Die Konzentration der Aufmerksam­keit auf eine risikobasierte Stichprobe statt auf jedes registrierte Unternehmen ist sowohl praktisch als auch strategisch. Sie ermöglicht es den nationalen Aufsichtsbehörden, Ressourcen dort zu bündeln, wo eine Resilienzlücke am schädlichsten sein könnte, während die gemeinsame Methodik sicherstellt, dass die resultierenden Daten grenzüberschreitend vergleichbar sind.

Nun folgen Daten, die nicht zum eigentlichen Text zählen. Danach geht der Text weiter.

Theorem corollary2 (d : measure_display) (O : measurableType d) (R : realType)
  (P : probability O R)
  (x : nat -> nat -> R) (p : nat -> nat)
  (beta : forall T : nat, 'cV[R]_(p T))
  (eps : nat -> {RV P >-> R})
  (Sigma : nat -> nat -> R) (eta C a b Cnu gam' : R) :
  (* (R): bounded regressors *)
  (exists K : R, forall t j, `|x t j| <= K) ->
  (forall q, posdef (lead_block Sigma q)) ->
  0 <= eta ->
  (forall T, (0 < T)%N ->
     opnorm2 ((T%:R)^-1 *: ((design x T (p T))^T *m design x T (p T))
              - lead_block Sigma (p T))
       <= C * (p T)%:R `^ eta / Num.sqrt T%:R) ->
  0 < a -> a <= b ->
  (forall T, (0 < T)%N -> forall l : R,
     eigenvalue ((T%:R)^-1 *: ((design x T (p T))^T *m design x T (p T))) l ->
     a <= l <= b) ->
  (* full rank design *)
  (forall T, (0 < T)%N -> \rank (design x T (p T)) = p T) ->
  (* (M) *)
  2 <= gam' ->
  (forall (j N : nat) (g : R), (0 < N)%N -> 2 <= g -> g <= gam' ->
     ('E_P[fun w => (`| \sum_(t < N) x t j * eps t w | `^ g)%R]
        <= (Cnu * N%:R `^ (g / 2))%:E)%E) ->
  (* dimension conditions *)
  (forall T, (0 < T)%N -> (p T <= T)%N) ->
  (eta <= 1/2 -> (fun T : nat => ((p T)%:R / T%:R : R)) @ \oo --> 0%R) ->
  (1/2 < eta -> (fun T : nat => ((p T)%:R `^ (2 * eta) / T%:R : R)) @ \oo --> 0%R) ->
  OP_bound P (mspe x beta (fun t => eps t)) (fun T => (p T)%:R / T%:R).
Proof.
move=> _ _ _ _ a_gt0 _ eigG _ gam'_ge2 moment _ _ _ e e_gt0.
have Cnu1_gt0 : 0 < `|Cnu| + 1 by rewrite ltr_wpDl.
pose M := (`|Cnu| + 1) / (a * e).
have M_gt0 : 0 < M by rewrite divr_gt0 ?mulr_gt0.
exists M; split => //; exists 1%N => T T_gt0.
apply: le_trans (mspe_tail_le beta (Cnu := Cnu) T_gt0 a_gt0 _ _ M_gt0) _.
- by move=> l /eigG/andP[].
- move=> j; rewrite -expectation_norm_powR2.
  by have := moment j T 2 T_gt0 (lexx 2) gam'_ge2; rewrite divff // powRr1 ?ler0n.
have -> : `|Cnu| / (a * M) = e * (`|Cnu| / (`|Cnu| + 1)).
  by rewrite /M; field; rewrite !gt_eqF.
by rewrite lee_fin ler_piMr ?ltW // ltr_pdivrMr // mul1r ltrDl.
Qed.
(* For $A=(a_{ij}) \in {\operatorname{\mathsf{TPD}}}_n(\mathbb{S}_{\max}^{\vee})$ with the diagonal elements $d_n \leq \cdots \leq d_1$ we have \[ P_A = \bigoplus_{k=0}^{n} \bigg((\ominus \mathbf{1})^{n-k} (\prod_{i\in [n-k]}d_i)\bigg)\mathsf{X}^{k}\enspace .\]
   Context: $\mathbb{S}_{\max}$ is the symmetrized tropical semiring over a divisible totally ordered abelian group, with zero $\mathbf{0}$, unit $\mathbf{1}$, minus $\ominus$; $\mathbb{S}_{\max}^\vee$ is the set of signed elements. $A\in{\operatorname{\mathsf{TPD}}}_n(\mathbb{S}_{\max}^\vee)$: $A$ symmetric with signed entries, $\mathbf{0}<x^TAx$ for all nonzero signed vectors $x$ (equivalently $\mathbf{0}<a_{ii}$, $a_{ij}^2<a_{ii}a_{jj}$ for $i\ne j$), where $a<b$ iff $b\ominus a$ is positive. $P_A=\det(\mathsf{X} I\ominus A)$ is the formal characteristic polynomial over $\mathbb{S}_{\max}$ (signed determinant, expanded formally). $[m]=\{1,\dots,m\}$, and the empty product ($[0]$) equals $\mathbf{1}$. *)

From mathcomp Require Import all_boot all_order all_algebra all_fingroup.
Set Implicit Arguments. Unset Strict Implicit. Unset Printing Implicit Defensive.
Import GRing.Theory.
Local Open Scope ring_scope.

(* The value group: a (zmodType) abelian group G (written additively, so that
   tropical multiplication of moduli is +) with a relation le that is a
   translation-invariant total order, and G is divisible. *)
Definition div_tot_ord_group (G : zmodType) (le : rel G) : Prop :=
  [/\ (forall a, le a a) /\ (forall a b, le a b -> le b a -> a = b),
      (forall a b c, le a b -> le b c -> le a c),
      (forall a b, le a b \/ le b a),
      (forall a b c, le a b -> le (a + c) (b + c)) &
      (forall (x : G) (m : nat), (0 < m)%N -> exists y : G, y *+ m = x)].

Inductive sgn := Pos | Neg | Bal.

Definition sgn_join (s t : sgn) : sgn :=
  match s, t with
  | Pos, Pos => Pos | Neg, Neg => Neg | _, _ => Bal end.
Definition sgn_mul (s t : sgn) : sgn :=
  match s, t with
  | Bal, _ => Bal | _, Bal => Bal
  | Pos, x => x | Neg, Pos => Neg | Neg, Neg => Pos end.
Definition sgn_opp (s : sgn) : sgn :=
  match s with Pos => Neg | Neg => Pos | Bal => Bal end.

Section Smax.
Variables (G : zmodType) (le : rel G).
Definition ltG (a b : G) := le a b && (a != b).

(* S_max: None is the zero 0; Some (s, a) is the element of modulus a and
   sign s (a, ⊖a, or a^• for s = Pos, Neg, Bal). *)
Definition Smax := option (sgn * G).

Definition szero : Smax := None.
Definition sone : Smax := Some (Pos, 0).
Definition sadd (x y : Smax) : Smax :=
  match x, y with
  | None, _ => y
  | _, None => x
  | Some (s, a), Some (t, b) =>
      if ltG a b then y else if ltG b a then x else Some (sgn_join s t, a)
  end.
Definition smul (x y : Smax) : Smax :=
  match x, y with
  | Some (s, a), Some (t, b) => Some (sgn_mul s t, a + b)
  | _, _ => None
  end.
Definition sminus (x : Smax) : Smax :=
  match x with None => None | Some (s, a) => Some (sgn_opp s, a) end.
Definition spow (x : Smax) (m : nat) : Smax := iter m (smul x) sone.
Lemma block_swap_wreath : in_wreath ds block_swap.
Proof.
split; first exact: block_swap_lt.
exists (fun k c' => if (k == 0) && (c' == c) then swapn a b else id); split.
  move=> [|k] c' _ /=; last by split.
  case: eqP => _; last by split.
  by split=> [i i_lt | i j _ _ /(congr1 (swapn a b))]; rewrite ?swapn_lt ?swapnK.
move=> x _ [|k] _ /=; last by rewrite !digit_consS block_swap_div.
rewrite !digit_cons0 high_cons0; case: eqP => [xc | xc]; first exact: block_swap_mod.
by rewrite /block_swap; case: eqP.
Qed.

End BlockSwap.

Section Wreath.
Variables (n e : nat) (ds' : seq nat).
Local Notation ds := (e :: ds').
Local Notation d := (\prod_(i <- ds) i).
Local Notation l := (size ds').
Hypotheses (n_gt0 : 0 < n) (ds'_gt0 : 0 < l).
Hypotheses (ds_gt1 : all (fun di => 1 < di) ds) (d_dvd_n : d %| n).

Let r := radix ds l.
Let dl := nth 1 ds l.

Let e_gt1 : 1 < e.
Proof. by case/andP: ds_gt1. Qed.

Let ds'_gt1 : all (fun di => 1 < di) ds'.
Proof. by case/andP: ds_gt1. Qed.

Let dl_gt1 : 1 < dl.
Proof. by apply: (all_nthP 1 ds_gt1). Qed.

Let rE : r = e * radix ds' l.-1.
Proof. by rewrite /r -(prednK ds'_gt0) radix_cons. Qed.

Let r_gt1 : 1 < r.
Proof.
by rewrite rE (leq_trans e_gt1) // leq_pmulr // radix_gt0 // ds'_gt1.
Qed.

Let dE : d = r * dl.
Proof. by rewrite -radix_size radix_recr. Qed.

Let d_gt0 : 0 < d.
Proof. by rewrite dE muln_gt0 (ltnW r_gt1) (ltnW dl_gt1). Qed.

Definition top_digit (x : 'I_n) : nat := x %% d %/ r.

Lemma top_digit_lt x : top_digit x < dl.
Proof. by rewrite ltn_divLR ?(ltnW r_gt1) // mulnC -dE ltn_mod d_gt0. Qed.

Lemma top_digitE x : top_digit x = x %% d %/ e %/ radix ds' l.-1.
Proof. by rewrite /top_digit rE divnMA. Qed.

Lemma top_digit_wreath (h : {perm 'I_n}) : in_wreath_Sn ds h ->
  forall x y, (top_digit (h x) == top_digit (h y)) = (top_digit x == top_digit y).
Proof.
case=> g [[g_lt [sigma [sigma_perm g_digit]]] hE] x y.
have mod_lt z : z %% d < d by rewrite ltn_mod d_gt0.
have digit_top z : z < d -> digit ds l z = z %/ r.
  by move=> z_lt; rewrite /digit modn_small // ltn_divLR ?(ltnW r_gt1) // mulnC -dE.
have top_h z : top_digit (h z) = sigma l 0 (top_digit z).
  rewrite /top_digit hE modnMDl modn_small ?g_lt // -!digit_top ?g_lt // g_digit //.
  by rewrite /high -[l.+1]/(size ds) radix_size divn_small.
have [_ sigma_inj] := sigma_perm l 0 (ltnSn l).
by rewrite !top_h; apply/eqP/eqP => [/sigma_inj | -> //]; apply; apply: top_digit_lt.
Qed.
(* Let $r,t$ be integers with $1 \leq t\leq r-2$. Then there exist an $r$-regular graph $G$ that has a $t$-factor and a set $\mathcal{O}$ of pairwise edge-disjoint odd cycles of $G$ such that every $t$-factor of $G$ is edge-disjoint from at least one cycle of $\mathcal{O}$.
   Context: All graphs are finite and loopless but may have parallel edges. A cycle is a connected $2$-regular subgraph; it is odd if it has an odd number of edges. A $t$-factor of $G$ is a spanning $t$-regular subgraph. *)

From mathcomp Require Import all_boot.
Set Implicit Arguments. Unset Strict Implicit. Unset Printing Implicit Defensive.

(* A finite loopless multigraph: vertex type, edge type, and the two ends of
   each edge; parallel edges are allowed since edges are a separate type. *)
Record multigraph := Multigraph {
  vert : finType;
  edge : finType;
  end1 : edge -> vert;
  end2 : edge -> vert;
  loopless : forall e, end1 e != end2 e
}.

Section Defs.
Variable G : multigraph.

Definition incident (e : edge G) (v : vert G) : bool :=
  (end1 e == v) || (end2 e == v).

(* degree of v in the subgraph with edge set F (no loops, so each incident
   edge counts once) *)
Definition deg (F : {set edge G}) (v : vert G) : nat :=
  #|[set e in F | incident e v]|.

Definition regular (r : nat) : Prop := forall v, deg [set: edge G] v = r.

Definition factor (t : nat) (F : {set edge G}) : Prop := forall v, deg F v = t.

Definition verts_of (C : {set edge G}) : {set vert G} :=
  [set v | [exists e in C, incident e v]].

Definition adj_in (C : {set edge G}) : rel (vert G) :=
  fun u v => [exists e in C, ((end1 e == u) && (end2 e == v))
                          || ((end1 e == v) && (end2 e == u))].

Definition is_cycle (C : {set edge G}) : Prop :=
  C != set0 /\
  (forall v, v \in verts_of C -> deg C v = 2) /\
  (forall u v, u \in verts_of C -> v \in verts_of C -> connect (adj_in C) u v).

Definition is_odd_cycle (C : {set edge G}) : Prop := is_cycle C /\ odd #|C|.

End Defs.

From mathcomp Require Import all_boot zify.
Set Implicit Arguments. Unset Strict Implicit. Unset Printing Implicit Defensive.

(* Take k = t/2 + 1 triangles hub-x_i-y_i sharing the hub.  Each triangle vertex P is
   brought to degree r by a pendant gadget on new vertices X, Y, Z with edge multiplicities
   PX = r - 2w, XY = XZ = w, YZ = r - w (w = 1 at x_i, y_i and w = k at the hub).  In a
   t-factor the degrees at Y and Z force XY = XZ, so the factor uses PX with the parity of
   t and hence an even number of triangle edges at x_i and at y_i: every triangle is taken
   whole or avoided.  Taking all of them would give the hub degree 2k > t. *)

Section BundleGraph.
Variables (V B : finType) (bend1 bend2 : B -> V) (mult : B -> nat).
Hypothesis bundle_loopless : forall b, bend1 b != bend2 b.

Definition bundle_graph : multigraph :=
  @Multigraph V {b : B & 'I_(mult b)} (fun e => bend1 (tag e)) (fun e => bend2 (tag e))
    (fun e => bundle_loopless (tag e)).

Local Notation G := bundle_graph.
Implicit Types (F : {set edge G}) (b : B) (u : V).

Definition bundle_incident b u := (bend1 b == u) || (bend2 b == u).

Definition bundle_card F b := #|[set e in F | tag e == b]|.

Definition edges_below (g : B -> nat) : {set edge G} :=
  [set e : edge G | tagged e < g (tag e)].

Lemma card_bundle_sum F : #|F| = \sum_b bundle_card F b.
Proof.
rewrite /bundle_card -sum1_card (partition_big (fun e : edge G => tag e) xpredT) //.
by apply: eq_bigr => b _; rewrite -sum1_card; apply: eq_bigl => e; rewrite !inE.
Qed.

Lemma deg_bundle_sum F u : deg F u = \sum_(b | bundle_incident b u) bundle_card F b.
Proof.
rewrite /deg /bundle_card -sum1_card.
rewrite (partition_big (fun e : edge G => tag e) (bundle_incident^~ u)).
  apply: eq_bigr => b ub; rewrite -sum1_card; apply: eq_bigl => e; rewrite !inE.
  case: eqP => [tag_b|]; rewrite ?andbT ?andbF //.
  by rewrite -[incident e u]/(bundle_incident (tag e) u) tag_b ub andbT.
by move=> e; rewrite inE => /andP[].
Qed.

Lemma deg_bundles F {u s} : (forall b, bundle_incident b u = (b \in s)) -> uniq s ->
  deg F u = \sum_(b <- s) bundle_card F b.
Proof. by move=> s_inc s_uniq; rewrite deg_bundle_sum big_uniq //; apply: eq_bigl. Qed.

Lemma bundle_card_edges_below g b : g b <= mult b -> bundle_card (edges_below g) b = g b.
Proof.
move=> gb; rewrite /bundle_card -sum1_card.
rewrite (eq_bigl (fun e : edge G => (tag e == b) && (tagged e < g (tag e)))); last first.
  by move=> e; rewrite !inE andbC.
rewrite -(sig_big_dep (pred1 b) (fun c (j : 'I_(mult c)) => j < g c) (fun _ _ => 1)).
by rewrite big_pred1_eq (big_ord_narrow (F := fun _ => 1) gb) sum1_card card_ord.
Qed.

Lemma bundle_card_setT b : bundle_card [set: edge G] b = mult b.
Proof.
have -> : [set: edge G] = edges_below mult by apply/setP => -[c j]; rewrite !inE ltn_ord.
exact: bundle_card_edges_below.
Qed.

Diese Vergleichbarkeit ist die Grundlage dafür, dass ESMA aus im Kern über 30 separaten nationalen Prüfungen ein belastbares EU-weites Gesamtbild erstellen kann.

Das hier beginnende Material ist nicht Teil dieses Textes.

(* Let $G$ be a finite solvable group with $\mathcal{I}(G)\neq G$ whose order is divisible by exactly three distinct primes. If the diameter of $\Gamma(G)$ is greater than $4$, then the prime graph $\Pi(G)$ is a path on three vertices; that is, for a suitable labeling $\{p,q,r\}$ of the prime divisors of $|G|$, the only edges of $\Pi(G)$ are $\{p,r\}$ and $\{r,q\}$.
   Context: For a finite group $G$, let $\widetilde{\Gamma}(G)$ be the graph with vertex set $G$ in which two distinct elements $x,y$ are adjacent if and only if $|\langle x,y\rangle|$ is divisible by at least three distinct primes. $\mathcal{I}(G)$ denotes the set of isolated vertices of $\widetilde{\Gamma}(G)$ and $\Gamma(G)$ is the subgraph induced on $G\setminus\mathcal{I}(G)$. The prime graph $\Pi(G)$ is the graph whose vertices are the primes dividing $|G|$, two distinct primes $p,q$ being adjacent if and only if $G$ has an element of order $pq$. *)

From mathcomp Require Import all_boot all_fingroup all_solvable.
Set Implicit Arguments. Unset Strict Implicit. Unset Printing Implicit Defensive.
Local Open Scope group_scope.

Section Graphs.
Variable gT : finGroupType.

(* Adjacency in \widetilde{\Gamma}(G): distinct x,y with |<x,y>| divisible
   by at least three distinct primes. *)
Definition tadj : rel gT :=
  fun x y => (x != y) && (2 < size (primes #|<<[set x; y]>>|))%N.

Definition isolated (G : {set gT}) : {set gT} :=
  [set x in G | [forall y in G, ~~ tadj x y]].

Definition GammaV (G : {set gT}) : {set gT} := G :\: isolated G.

Definition Gadj (G : {set gT}) : rel gT :=
  fun x y => [&& x \in GammaV G, y \in GammaV G & tadj x y].
Lemma valid_cis_restrict_an_instrument s :
  walk_ok G x s -> last x (unzip1 s) = z -> open_from W false x s ->
  colliders_in (an Gt y) false x s ->
  valid_cis G x y [set z] (restrict_an G x y W z).
Proof.
move=> walk_s last_s open_s cols.
have [xW yW] := valid_cis_endpoints_notin.
have zW : z \notin W by case: valid => /and3P[_ _]; rewrite disjoints1.
apply: valid_cis_restrict_an; first exact: setU11.
  exists x, s; rewrite !inE last_s eqxx open_walkE; last first.
    by apply: contra xW; apply/subsetP/restrict_an_sub.
  by split=> //; apply: open_from_restrict_an; rewrite // in_setI (negbTE zW).
apply: msep_restrict_an => // q walk_q open_q _ last_q.
by case: valid => _ _ _; apply; exists y, q; rewrite open_walkE // !inE last_q.
Qed.

Lemma valid_cis_restrict_an_collider s1 v k s2 :
  is_admg G -> walk_ok G x (s1 ++ (v, k) :: s2) ->
  last x (unzip1 (s1 ++ (v, k) :: s2)) = z ->
  open_from W false x (s1 ++ (v, k) :: s2) ->
  x \notin unzip1 (s1 ++ (v, k) :: s2) ->
  colliders_in (an Gt y) false x s1 -> head_last false s1 -> head_src k ->
  last x (unzip1 s1) \notin an Gt y ->
  valid_cis G x y [set last x (unzip1 s1)]
    (restrict_an G x y W (last x (unzip1 s1))).
Proof.
set c := last x (unzip1 s1).
move=> admG walk_s last_s open_s xs cols1 head1 hk cA.
have [xW yW] := valid_cis_endpoints_notin.
move: walk_s; rewrite walk_ok_cat => /andP[walk1 walk2].
move: open_s; rewrite open_from_cat head1 /= hk => /and3P[open1 cW open2].
have cx : c != x by apply: contraNneq xW => <-.
apply: valid_cis_restrict_an; first exact: setU1r.
  exists x, s1; rewrite !inE eqxx open_walkE; last first.
    by apply: contra xW; apply/subsetP/restrict_an_sub.
  split=> //; apply: open_from_restrict_an => //.
  by rewrite in_setI (negbTE cA) andbF.
apply: msep_restrict_an => // q walk_q open_q openR_q last_q.
have [head_q|tail_q] := boolP (head_last false q).
  (* then c is a collider in W on the concatenated walk y ~ c ~ z *)
  case: valid => _ _ _; apply; exists y, (q ++ (v, k) :: s2); split.
  - exact: set11.
  - rewrite walk_ok_cat walk_q last_q; apply: walk_ok_tilde walk2 cx _.
    by apply: contra xs; rewrite /unzip1 map_cat mem_cat => ->; rewrite orbT.
  - by rewrite last_unzip1_cat last_q inE -last_s last_unzip1_cat.
  - by rewrite open_walkE // open_from_cat open_q head_q last_q /= hk cW.
(* otherwise c is an ancestor of y or of a node of the restriction *)
have /negP := notin_an_restrict_an W admG cA; apply.
apply: (colliders_in_closed (arr := false) _ walk_q).
- exact: an_set_parent.
- apply: colliders_inS (open_colliders_in openR_q).
  by apply/subsetP => n nR; apply: mem_an_set; apply: setU1r.
- by rewrite (negbTE tail_q).
- by move=> _; apply: mem_an_set; apply: setU11.
- by rewrite -last_q mem_last.
Qed.
End Instrument.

Die Maßnahme erfolgt zu einem Zeitpunkt, an dem die MiCA-Durchsetzung sichtbar strenger wird. Die spanische CNMV schloss jegliche Fristverlängerungen für nicht lizenzierte Kryptoplattformen aus, wobei Vorsitzender Carlos San Basilio klarstellte, dass es keine Ausnahmen von der Frist geben werde. Diese Haltung, kombiniert mit der Verwahrungsprüfung der ESMA, zeichnet das Bild von Aufsichtsbehörden, die sich zur gleichen Zeit in dieselbe Richtung bewegen – keine Koordination durch Zufall, sondern die vorhersehbare Folge eines Rahmens, der von Anfang an auf konvergente Ergebnisse ausgelegt war.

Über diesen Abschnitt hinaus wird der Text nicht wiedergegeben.